Breaking that down a bit:

== is a comparison operator in Ruby. It’s essentially the same as saying “does the left side equal the right side”5. Note the two =’s. A single = would instead assign the variable (and, hence, would always return true).

Secondly, notice the elsif there. I know it looks like a typo. It’s not. It just looks less like a typo than elseif, so Ruby ditched the second “e”. Funky, but true. Oh, and its also a character shorter. Score!

When Ruby hits this block of code, it will go line by line and see if the condition is true. As soon as it is, it will execute the code contained therein. Otherwise, it continues on its merry way.

If nothing matches, it will execute the else.

Bonus learning: What do you think would happen if we left the else bit off of there and set our_character to “the fish”?

There is one other way to do this sort of thing - especially when you have a single variable or condition that’s the same for all clauses - case.

case our_character
when "thing one"
	puts "Flying a kite"
when "thing two"
	puts "All kinds of bad tricks"
when "the cat in the hat"
	puts "Knows a lot about that"
else
	puts "All quiet on the Western front"
end

This is functionally equivalent to the previous example. We tell Ruby that we’re looking at our_character, and then it does a comparison for each when statement and if it matches, executes.

If nothing matches, we fall back to else.

Using case is slightly more confusing than the if/elsif/else cycle, but if you’re writing a ton of those6, a case/when block can make more sense.

case also has one other nicety - it’s a thing all itself. Lookee:

puts case our_character
when "thing one"
	"Flying a kite"
when "thing two"
	"All kinds of bad tricks"
when "the cat in the hat"
	"Knows a lot about that"
else
	"All quiet on the Western front"
end

case, like everything else in Ruby, is itself an object, and in this case, we’re sending it as an argument to puts.

Nifty.

This brief object interlude is also something called foreshadowing. We’ll talk much more about objects on Wednesday and Thursday.

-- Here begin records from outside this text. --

Definition collapse (ks : seq ptree) : option ptree :=
  match ks with
  | [::] => None
  | [:: k] => Some k
  | [:: k1, k2 & ks'] => Some (Node [:: k1, k2 & ks'])
  end.

Definition oseq (o : option ptree) : seq ptree := if o is Some t then [:: t] else [::].

Definition ocontr (p : nat -> bool) (o : option ptree) : option ptree :=
  if o is Some t then contr p t else None.

Fixpoint contr_forest (p : nat -> bool) (s : seq ptree) : seq ptree :=
  if s is c :: s' then oseq (contr p c) ++ contr_forest (fun i => p (deg c + i)) s'
  else [::].

(* The anonymous fixpoint inside [contr], named so that it can be rewritten. *)
Definition contr_children (p : nat -> bool) :=
  fix go (s : seq ptree) (off : nat) := match s with
    | [::] => [::]
    | c :: s' => contr (fun i => p (off + i)) c :: go s' (off + deg c)
    end.

Lemma contr_childrenE p s off :
  pmap id (contr_children p s off) = contr_forest (fun i => p (off + i)) s.
Proof.
elim: s off => //= c s IH off; rewrite IH.
have -> : (fun i => p (off + deg c + i)) = (fun i => p (off + (deg c + i))).
  by apply: funext => i; rewrite addnA.
by case: (contr _ c).
Qed.

Lemma contr_Node p s : s != [::] -> contr p (Node s) = collapse (contr_forest p s).
Proof.
move=> s0; have -> : contr p (Node s) = collapse (pmap id (contr_children p s 0)).
  by case: s s0.
by rewrite contr_childrenE.
Qed.

Lemma contr_leaf p : contr p leaf = if p 0 then Some leaf else None.
Proof. by []. Qed.

Lemma contr_forest_cat p s1 s2 :
  contr_forest p (s1 ++ s2) = contr_forest p s1 ++ contr_forest (fun i => p (degs s1 + i)) s2.
Proof.
elim: s1 p => //= c s1 IH p; rewrite IH catA; congr (_ ++ contr_forest _ _).
by apply: funext => i; rewrite /degs /= addnA.
Qed.

Lemma contr_forest_oseq p o : contr_forest p (oseq o) = oseq (ocontr p o).
Proof. by case: o => //= t; rewrite cats0. Qed.

Lemma degs_oseq o : degs (oseq o) = degP o.
Proof. by case: o => //= t; rewrite /degs /= addn0. Qed.

Lemma degP_collapse ks : degP (collapse ks) = degs ks.
Proof.
case: ks => [|x [|y r]] //; first by rewrite /degs /= addn0.
exact: (@deg_Node [:: x, y & r]).
Qed.

Lemma ocontr_collapse p ks : ocontr p (collapse ks) = collapse (contr_forest p ks).
Proof.
case: ks => [|x [|y r]] //; first by rewrite /= cats0; case: (contr p x).
exact: (@contr_Node p [:: x, y & r]).
Qed.

Lemma inP_collapse ks : all reduced ks -> inP (collapse ks).
Proof. by case: ks => [|x [|y r]] //= /andP[]. Qed.

Lemma degP_contr t p : degP (contr p t) = count p (iota 0 (deg t)).
Proof.
elim/ptree_deep_ind: t p => s IHs p.
have [->|s0] := eqVneq s [::]; first by rewrite contr_leaf /=; case: (p 0).
rewrite contr_Node // degP_collapse deg_Node //.
elim: s IHs p {s0} => //= c s IH [IHc IHs] p.
by rewrite degs_cat degs_oseq IHc IH // count_iotaD.
Qed.

Lemma inP_contr t p : inP (contr p t).
Proof.
elim/ptree_deep_ind: t p => s IHs p.
have [->|s0] := eqVneq s [::]; first by rewrite contr_leaf; case: (p 0).
rewrite contr_Node //; apply: inP_collapse.
elim: s IHs p {s0} => //= c s IH [IHc IHs] p.
rewrite all_cat IH // andbT.
by have := IHc p; case: (contr p c) => //= u ->.
Qed.

Definition comp_sel (p q : nat -> bool) : nat -> bool :=
  fun i => p i && q (count p (iota 0 i)).

Lemma contr_comp t p q : ocontr q (contr p t) = contr (comp_sel p q) t.
Proof.
elim/ptree_deep_ind: t p q => s IHs p q.
have [->|s0] := eqVneq s [::]; first by rewrite !contr_leaf /comp_sel /=; case: (p 0).
rewrite !contr_Node // ocontr_collapse; congr collapse.
elim: s IHs p q {s0} => //= c s IH [IHc IHs] p q.
rewrite contr_forest_cat contr_forest_oseq IHc degs_oseq IH //.
congr (_ ++ contr_forest _ _); apply: funext => i.
by rewrite /comp_sel count_iotaD degP_contr.
Qed.

Definition sel n (I : {set 'I_n}) : nat -> bool :=
  fun i => [exists j in I, nat_of_ord j == i].

Lemma sel_ord n (I : {set 'I_n}) (j : 'I_n) : sel I j = (j \in I).
Proof.
apply/existsP/idP => [[j' /andP[j'I /eqP /val_inj <-]] //|jI].
by exists j; rewrite jI eqxx.
Qed.

Lemma sel_out n (I : {set 'I_n}) i : n <= i -> sel I i = false.
Proof.
move=> ni; apply/existsP => -[j /andP[_ /eqP ji]].
by move: (ltn_ord j); rewrite ji ltnNge ni.
Qed.

Lemma count_sel n (I : {set 'I_n}) : count (sel I) (iota 0 n) = #|I|.
Proof.
rewrite -val_enum_ord count_map cardE /enum_mem size_filter count_filter.
by apply: eq_count => j /=; rewrite sel_ord andbT.
Qed.

Lemma contrPE U (J : {set 'I_(degP U)}) : contrP J = ocontr (sel J) U.
Proof. by case: U J. Qed.

Lemma degP_contrP S (I : {set 'I_(degP S)}) : degP (contrP I) = #|I|.
Proof.
case: S I => [t|] I /=; first by rewrite degP_contr count_sel.
by apply/esym/eqP; rewrite cards_eq0; apply/eqP/setP => -[].
Qed.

Like to noodle some more on case? Here’s just the thing.

  1. Short for Interactive Ruby Shell

  2. What to see for yourself? 10.times.class 

  3. You can tell ARGV is a constant by its all-caps nature. Constants in Ruby are things that are supposed to remain static and unchanged. It will let you change it, but it will squawk at you when you do so. More on ARGV. More on constants

  4. Well, what it actually does it prints the result of calling .to_s on the argument passed to it. So, sometimes it can throw an error if the argument passed to it can’t be converted into a string. 

  5. Hey, it’s Ruby and there actually several slightly different ways to test equality. You can read more about them over at StackOverflow

  6. Later in class, we’ll talk about why you generally shouldn’t be writing a ton of these clauses in a single chain. But, like I said, that’s later.